» Supplied entries
»»

(* Let $c$ be a constant. For unknowns $\vec S_n(t),\bar{\vec S}_n(t)\in\mathbb{C}^m$ and $v_n(t)\in\mathbb{C}$ ($n\in\mathbb{Z}$), consider the discrete multicomponent Yajima--Oikawa system \begin{align*} \mathrm{i}\,\vec S_{n,t}&=v_n(\vec S_{n+1}+\vec S_{n-1})-c\,\vec S_n,\\ \mathrm{i}\,\bar{\vec S}_{n,t}&=-v_n(\bar{\vec S}_{n+1}+\bar{\vec S}_{n-1})+c\,\bar{\vec S}_n,\\ v_{n,t}&=\tfrac12 v_n\,\Delta_n^+\big(\langle\vec S_n,\bar{\vec S}_{n-1}\rangle+\langle\vec S_{n-1},\bar{\vec S}_n\rangle\big). \end{align*} Consider the linear problem for a scalar $\psi_n$ and column vectors $\vec\phi_n,\vec\chi_n\in\mathbb{C}^m$ with constant spectral parameter $\lambda$: \begin{align*} v_n(\psi_{n+1}+\psi_{n-1})&=\lambda\psi_n-\langle\vec S_n,\vec\phi_n\rangle-\langle\vec\chi_n,\bar{\vec S}_n\rangle,\\ \vec\phi_{n+1}-\vec\phi_n&=\tfrac{\mathrm{i}}{2}\bar{\vec S}_n(\psi_{n+1}+\psi_{n-1}),\\ \vec\chi_{n+1}+\vec\chi_n&=\tfrac{\mathrm{i}}{2}\vec S_n(\psi_{n+1}+\psi_{n-1}), \end{align*} together with the time evolution \begin{align*} \mathrm{i}\,\psi_{n,t}&=v_n(\psi_{n+1}+\psi_{n-1})-c\,\psi_n,\\ \vec\phi_{n,t}&=\tfrac12 v_n\bar{\vec S}_{n-1}(\psi_{n+1}+\psi_{n-1})-\tfrac12 v_{n-1}\bar{\vec S}_n(\psi_n+\psi_{n-2}),\\ \vec\chi_{n,t}&=\tfrac12 v_n\vec S_{n-1}(\psi_{n+1}+\psi_{n-1})+\tfrac12 v_{n-1}\vec S_n(\psi_n+\psi_{n-2})+2\mathrm{i}c\,\vec\chi_n. \end{align*} Then the compatibility condition of these overdetermined linear equations (i.e., the requirement that the $t$-derivatives of the three spatial equations, computed using the time-evolution equations and the first spatial equation to eliminate the time derivatives and $\lambda$, hold identically for arbitrary values of $\psi_n,\vec\phi_n,\vec\chi_n$) is equivalent to the discrete multicomponent Yajima--Oikawa system above.
   Context: Here $n\in\mathbb{Z}$ is the lattice site and $t$ is time; subscript $t$ denotes $\partial/\partial t$. $\langle\vec a,\vec b\rangle=\sum_{i=1}^m a^{(i)}b^{(i)}$ is the standard bilinear scalar product (no complex conjugation). $\Delta_n^+$ is the forward difference operator, $\Delta_n^+f_n:=f_{n+1}-f_n$. The product of a scalar and a column vector is written in either order. $\bar{\vec S}_n$ is an independent vector variable (not necessarily related to the complex conjugate of $\vec S_n$). *)

(* Complex numbers are modelled by an arbitrary
   numClosedFieldType C (e.g. algC); 'i is its imaginary unit. *)
From HB Require Import structures.
From mathcomp Require Import all_boot all_order all_algebra.
Set Implicit Arguments. Unset Strict Implicit. Unset Printing Implicit Defensive.
Import Order.TTheory GRing.Theory Num.Theory.
Local Open Scope ring_scope.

««

» Problem statement
Return the line that contains "From mathcomp Require" along with every line after it through the end of the entries, exactly, adding nothing.

» Reply
From mathcomp Require Import all_boot all_order all_algebra.
Set Implicit Arguments. Unset Strict Implicit. Unset Printing Implicit Defensive.
Import Order.TTheory GRing.Theory Num.Theory.
Local Open Scope ring_scope.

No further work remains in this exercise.